(* Let $0\le\alpha<\tfrac12$ and let $D$ be a distribution on $\{0,1\}^n$ given by a tree BN (every node has at most one parent and the underlying graph is a rooted tree) with all conditional probabilities in $(0,1)$ that is $\alpha$-difference bounded. Then every conjunction $f$ of $d$ literals satisfies $$L_1(f)\le\left(\frac{2-2\alpha}{1-2\alpha}\right)^{2d}.$$
   Context: For a BN with parent sets $\operatorname{pa}(v)$, let $\mu_{v,x_{\operatorname{pa}(v)}}=P(X_v=1\mid X_{\operatorname{pa}(v)}=x_{\operatorname{pa}(v)})$ and $\sigma_{v,x_{\operatorname{pa}(v)}}=\sqrt{\mu_{v,x_{\operatorname{pa}(v)}}(1-\mu_{v,x_{\operatorname{pa}(v)}})}$. The BN is $\alpha$-difference bounded if for every $v$ and every two assignments $x,y$ to $\operatorname{pa}(v)$, $|\mu_{v,x}-\mu_{v,y}|\le\alpha$ and $|\sigma_{v,x}-\sigma_{v,y}|\le\alpha$. The BN-induced basis is $\phi_v(x)=(x_v-\mu_{v,x_{\operatorname{pa}(v)}})/\sigma_{v,x_{\operatorname{pa}(v)}}$, $\phi_S=\prod_{v\in S}\phi_v$; $\hat f_S=\mathbb{E}_D[f(X)\phi_S(X)]$; $L_1(f)=\sum_{S\subseteq[n]}|\hat f_S|$. A conjunction of $d$ literals is $f(x)=\prod_{i\in T_1}x_i\prod_{j\in T_0}(1-x_j)$ with $T_0,T_1$ disjoint and $|T_0\cup T_1|=d$. *)

From mathcomp Require Import all_boot all_order all_algebra.
Set Implicit Arguments. Unset Strict Implicit. Unset Printing Implicit Defensive.
Import Order.TTheory GRing.Theory Num.Theory.
Local Open Scope ring_scope.

(* A Bayesian network over n binary variables with at most one parent per node.
   par v = Some p : p is the parent of v; par v = None : v has no parent.
   q v b = P(X_v = 1 | X_{par v} = b); for a parentless node only q v false is used. *)
Section BN.
Variables (R : rcfType) (n : nat).
Variable par : 'I_n -> option 'I_n.
Variable q : 'I_n -> bool -> R.

Definition assignment := {ffun 'I_n -> bool}.

Definition bn_mu (v : 'I_n) (x : assignment) : R :=
  match par v with Some p => q v (x p) | None => q v false end.

Definition bn_sigma (v : 'I_n) (x : assignment) : R :=
  Num.sqrt (bn_mu v x * (1 - bn_mu v x)).

Definition bn_prob (x : assignment) : R :=
  \prod_(v < n) (if x v then bn_mu v x else 1 - bn_mu v x).

Definition bn_phi (v : 'I_n) (x : assignment) : R :=
  (((x v : nat)%:R) - bn_mu v x) / bn_sigma v x.

Definition bn_phiS (S : {set 'I_n}) (x : assignment) : R :=
  \prod_(v in S) bn_phi v x.

Definition bn_coef (f : assignment -> R) (S : {set 'I_n}) : R :=
  \sum_(x : assignment) bn_prob x * (f x * bn_phiS S x).

Definition bn_L1 (f : assignment -> R) : R :=
  \sum_(S : {set 'I_n}) `|bn_coef f S|.

Definition parent_step (u : 'I_n) : 'I_n := odflt u (par u).

Definition is_rooted_tree : Prop :=
  exists r : 'I_n,
    par r = None /\
    (forall v, par v = None -> v = r) /\
    (forall v, exists k : nat, iter k parent_step v = r).

Definition cond_probs_open : Prop :=
  forall v x, 0 < bn_mu v x /\ bn_mu v x < 1.

Definition diff_bounded (alpha : R) : Prop :=
  forall v (x y : assignment),
    `|bn_mu v x - bn_mu v y| <= alpha /\ `|bn_sigma v x - bn_sigma v y| <= alpha.
End BN.

Definition conjunction (R : rcfType) (n : nat) (T0 T1 : {set 'I_n})
  (x : {ffun 'I_n -> bool}) : R :=
  (\prod_(i in T1) ((x i : nat)%:R)) * \prod_(j in T0) (1 - ((x j : nat)%:R)).

From mathcomp Require Import all_boot all_order all_algebra.
From mathcomp Require Import ring lra.
Import Order.TTheory GRing.Theory Num.Theory.
Local Open Scope ring_scope.
Set Implicit Arguments. Unset Strict Implicit. Unset Printing Implicit Defensive.

(* Write each coefficient as a sum over assignments and sum out the nodes of
   the tree leaf by leaf.  Summing out a leaf [l] (with [phi_l] absent from or
   present in [S]) turns its weight [g] into one of two messages, the mean
   [(1 - mu) g(0) + mu g(1)] or the deviation [sigma (g(1) - g(0))], which is
   multiplied into the weight of the parent (into the scalar in front, for the
   root).  With [t = 1/(2 - 4 alpha)], the norm
   [N g = max |g| + t |g(1) - g(0)|] is submultiplicative, and
   alpha-difference boundedness gives [N(mean) + N(deviation) <= N g].  Hence
   the L1 norm of a product [prod_v psi_v(x_v)] is at most [prod_v N psi_v];
   a literal has [N = 1 + t <= ((2 - 2 alpha)/(1 - 2 alpha))^2], any other
   node [N = 1]. *)

Section WeightedNorm.
Variables (R : realFieldType) (t : R).

Definition wnorm (g : bool -> R) : R :=
  Num.max `|g false| `|g true| + t * `|g true - g false|.

Lemma wnorm_const a : wnorm (fun _ => a) = `|a|.
Proof. by rewrite /wnorm maxxx subrr normr0 mulr0 addr0. Qed.

Hypothesis t_ge0 : 0 <= t.

Lemma wnorm_ge0 g : 0 <= wnorm g.
Proof. by rewrite addr_ge0 ?mulr_ge0 // le_max normr_ge0. Qed.

Lemma wnorm_mul f g : wnorm (fun b => f b * g b) <= wnorm f * wnorm g.
Proof.
rewrite /wnorm.
set Mf := Num.max `|f false| _; set Mg := Num.max `|g false| _.
set Df := `|f true - f false|; set Dg := `|g true - g false|.
have le_Mf b : `|f b| <= Mf by case: b; rewrite le_max lexx ?orbT.
have le_Mg b : `|g b| <= Mg by case: b; rewrite le_max lexx ?orbT.
have max_le : Num.max `|f false * g false| `|f true * g true| <= Mf * Mg.
  by rewrite ge_max !normrM !ler_pM.
have diff_le : `|f true * g true - f false * g false| <= Df * Mg + Mf * Dg.
  rewrite (_ : _ - _ = (f true - f false) * g true + f false * (g true - g false));
    last by ring.
  by rewrite (le_trans (ler_normD _ _)) // !normrM lerD ?ler_pM.
have t_diff_le := ler_wpM2l t_ge0 diff_le.
have cross_ge0 : 0 <= t * t * Df * Dg by rewrite !mulr_ge0 ?normr_ge0.
lra.
Qed.

End WeightedNorm.

Section Messages.
Variable R : rcfType.

Definition bern_sd (m : R) : R := Num.sqrt (m * (1 - m)).

Definition msg_mean (g : bool -> R) (m : R) : R := (1 - m) * g false + m * g true.
Definition msg_dev (g : bool -> R) (m : R) : R := bern_sd m * (g true - g false).

Definition dev_weight (alpha : R) : R := (2 - 4 * alpha)^-1.

Lemma dev_weight_ge0 (alpha : R) : alpha < 2^-1 -> 0 <= dev_weight alpha.
Proof. by move=> a1; rewrite invr_ge0; lra. Qed.

Lemma bern_sd_le_half (m : R) : 0 <= m <= 1 -> 0 <= bern_sd m <= 2^-1.
Proof.
move=> /andP [m0 m1]; rewrite /bern_sd sqrtr_ge0 /=.
have v0 : 0 <= m * (1 - m) by rewrite mulr_ge0 // subr_ge0.
have sq := sqr_sqrtr v0; have s0 := sqrtr_ge0 (m * (1 - m)).
have := sqr_ge0 (m - 2^-1).
move: sq s0; set s := Num.sqrt _ => sq s0; nra.
Qed.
——
To do
Would you return each entry exactly as it reads?

Task output
(* Let $0\le\alpha<\tfrac12$ and let $D$ be a distribution on $\{0,1\}^n$ given by a tree BN (every node has at most one parent and the underlying graph is a rooted tree) with all conditional probabilities in $(0,1)$ that is $\alpha$-difference bounded. Then every conjunction $f$ of $d$ literals satisfies $$L_1(f)\le\left(\frac{2-2\alpha}{1-2\alpha}\right)^{2d}.$$
   Context: For a BN with parent sets $\operatorname{pa}(v)$, let $\mu_{v,x_{\operatorname{pa}(v)}}=P(X_v=1\mid X_{\operatorname{pa}(v)}=x_{\operatorname{pa}(v)})$ and $\sigma_{v,x_{\operatorname{pa}(v)}}=\sqrt{\mu_{v,x_{\operatorname{pa}(v)}}(1-\mu_{v,x_{\operatorname{pa}(v)}})}$. The BN is $\alpha$-difference bounded if for every $v$ and every two assignments $x,y$ to $\operatorname{pa}(v)$, $|\mu_{v,x}-\mu_{v,y}|\le\alpha$ and $|\sigma_{v,x}-\sigma_{v,y}|\le\alpha$. The BN-induced basis is $\phi_v(x)=(x_v-\mu_{v,x_{\operatorname{pa}(v)}})/\sigma_{v,x_{\operatorname{pa}(v)}}$, $\phi_S=\prod_{v\in S}\phi_v$; $\hat f_S=\mathbb{E}_D[f(X)\phi_S(X)]$; $L_1(f)=\sum_{S\subseteq[n]}|\hat f_S|$. A conjunction of $d$ literals is $f(x)=\prod_{i\in T_1}x_i\prod_{j\in T_0}(1-x_j)$ with $T_0,T_1$ disjoint and $|T_0\cup T_1|=d$. *)

From mathcomp Require Import all_boot all_order all_algebra.
Set Implicit Arguments. Unset Strict Implicit. Unset Printing Implicit Defensive.
Import Order.TTheory GRing.Theory Num.Theory.
Local Open Scope ring_scope.

(* A Bayesian network over n binary variables with at most one parent per node.
   par v = Some p : p is the parent of v; par v = None : v has no parent.
   q v b = P(X_v = 1 | X_{par v} = b); for a parentless node only q v false is used. *)
Section BN.
Variables (R : rcfType) (n : nat).
Variable par : 'I_n -> option 'I_n.
Variable q : 'I_n -> bool -> R.

Definition assignment := {ffun 'I_n -> bool}.

Definition bn_mu (v : 'I_n) (x : assignment) : R :=
  match par v with Some p => q v (x p) | None => q v false end.

Definition bn_sigma (v : 'I_n) (x : assignment) : R :=
  Num.sqrt (bn_mu v x * (1 - bn_mu v x)).

Definition bn_prob (x : assignment) : R :=
  \prod_(v < n) (if x v then bn_mu v x else 1 - bn_mu v x).

Definition bn_phi (v : 'I_n) (x : assignment) : R :=
  (((x v : nat)%:R) - bn_mu v x) / bn_sigma v x.

Definition bn_phiS (S : {set 'I_n}) (x : assignment) : R :=
  \prod_(v in S) bn_phi v x.

Definition bn_coef (f : assignment -> R) (S : {set 'I_n}) : R :=
  \sum_(x : assignment) bn_prob x * (f x * bn_phiS S x).

Definition bn_L1 (f : assignment -> R) : R :=
  \sum_(S : {set 'I_n}) `|bn_coef f S|.

Definition parent_step (u : 'I_n) : 'I_n := odflt u (par u).

Definition is_rooted_tree : Prop :=
  exists r : 'I_n,
    par r = None /\
    (forall v, par v = None -> v = r) /\
    (forall v, exists k : nat, iter k parent_step v = r).

Definition cond_probs_open : Prop :=
  forall v x, 0 < bn_mu v x /\ bn_mu v x < 1.

Definition diff_bounded (alpha : R) : Prop :=
  forall v (x y : assignment),
    `|bn_mu v x - bn_mu v y| <= alpha /\ `|bn_sigma v x - bn_sigma v y| <= alpha.
End BN.

Definition conjunction (R : rcfType) (n : nat) (T0 T1 : {set 'I_n})
  (x : {ffun 'I_n -> bool}) : R :=
  (\prod_(i in T1) ((x i : nat)%:R)) * \prod_(j in T0) (1 - ((x j : nat)%:R)).

From mathcomp Require Import all_boot all_order all_algebra.
From mathcomp Require Import ring lra.
Import Order.TTheory GRing.Theory Num.Theory.
Local Open Scope ring_scope.
Set Implicit Arguments. Unset Strict Implicit. Unset Printing Implicit Defensive.

(* Write each coefficient as a sum over assignments and sum out the nodes of
   the tree leaf by leaf.  Summing out a leaf [l] (with [phi_l] absent from or
   present in [S]) turns its weight [g] into one of two messages, the mean
   [(1 - mu) g(0) + mu g(1)] or the deviation [sigma (g(1) - g(0))], which is
   multiplied into the weight of the parent (into the scalar in front, for the
   root).  With [t = 1/(2 - 4 alpha)], the norm
   [N g = max |g| + t |g(1) - g(0)|] is submultiplicative, and
   alpha-difference boundedness gives [N(mean) + N(deviation) <= N g].  Hence
   the L1 norm of a product [prod_v psi_v(x_v)] is at most [prod_v N psi_v];
   a literal has [N = 1 + t <= ((2 - 2 alpha)/(1 - 2 alpha))^2], any other
   node [N = 1]. *)

Section WeightedNorm.
Variables (R : realFieldType) (t : R).

Definition wnorm (g : bool -> R) : R :=
  Num.max `|g false| `|g true| + t * `|g true - g false|.

Lemma wnorm_const a : wnorm (fun _ => a) = `|a|.
Proof. by rewrite /wnorm maxxx subrr normr0 mulr0 addr0. Qed.

Hypothesis t_ge0 : 0 <= t.

Lemma wnorm_ge0 g : 0 <= wnorm g.
Proof. by rewrite addr_ge0 ?mulr_ge0 // le_max normr_ge0. Qed.

Lemma wnorm_mul f g : wnorm (fun b => f b * g b) <= wnorm f * wnorm g.
Proof.
rewrite /wnorm.
set Mf := Num.max `|f false| _; set Mg := Num.max `|g false| _.
set Df := `|f true - f false|; set Dg := `|g true - g false|.
have le_Mf b : `|f b| <= Mf by case: b; rewrite le_max lexx ?orbT.
have le_Mg b : `|g b| <= Mg by case: b; rewrite le_max lexx ?orbT.
have max_le : Num.max `|f false * g false| `|f true * g true| <= Mf * Mg.
  by rewrite ge_max !normrM !ler_pM.
have diff_le : `|f true * g true - f false * g false| <= Df * Mg + Mf * Dg.
  rewrite (_ : _ - _ = (f true - f false) * g true + f false * (g true - g false));
    last by ring.
  by rewrite (le_trans (ler_normD _ _)) // !normrM lerD ?ler_pM.
have t_diff_le := ler_wpM2l t_ge0 diff_le.
have cross_ge0 : 0 <= t * t * Df * Dg by rewrite !mulr_ge0 ?normr_ge0.
lra.
Qed.

End WeightedNorm.

Section Messages.
Variable R : rcfType.

Definition bern_sd (m : R) : R := Num.sqrt (m * (1 - m)).

Definition msg_mean (g : bool -> R) (m : R) : R := (1 - m) * g false + m * g true.
Definition msg_dev (g : bool -> R) (m : R) : R := bern_sd m * (g true - g false).

Definition dev_weight (alpha : R) : R := (2 - 4 * alpha)^-1.

Lemma dev_weight_ge0 (alpha : R) : alpha < 2^-1 -> 0 <= dev_weight alpha.
Proof. by move=> a1; rewrite invr_ge0; lra. Qed.

Lemma bern_sd_le_half (m : R) : 0 <= m <= 1 -> 0 <= bern_sd m <= 2^-1.
Proof.
move=> /andP [m0 m1]; rewrite /bern_sd sqrtr_ge0 /=.
have v0 : 0 <= m * (1 - m) by rewrite mulr_ge0 // subr_ge0.
have sq := sqr_sqrtr v0; have s0 := sqrtr_ge0 (m * (1 - m)).
have := sqr_ge0 (m - 2^-1).
move: sq s0; set s := Num.sqrt _ => sq s0; nra.
Qed.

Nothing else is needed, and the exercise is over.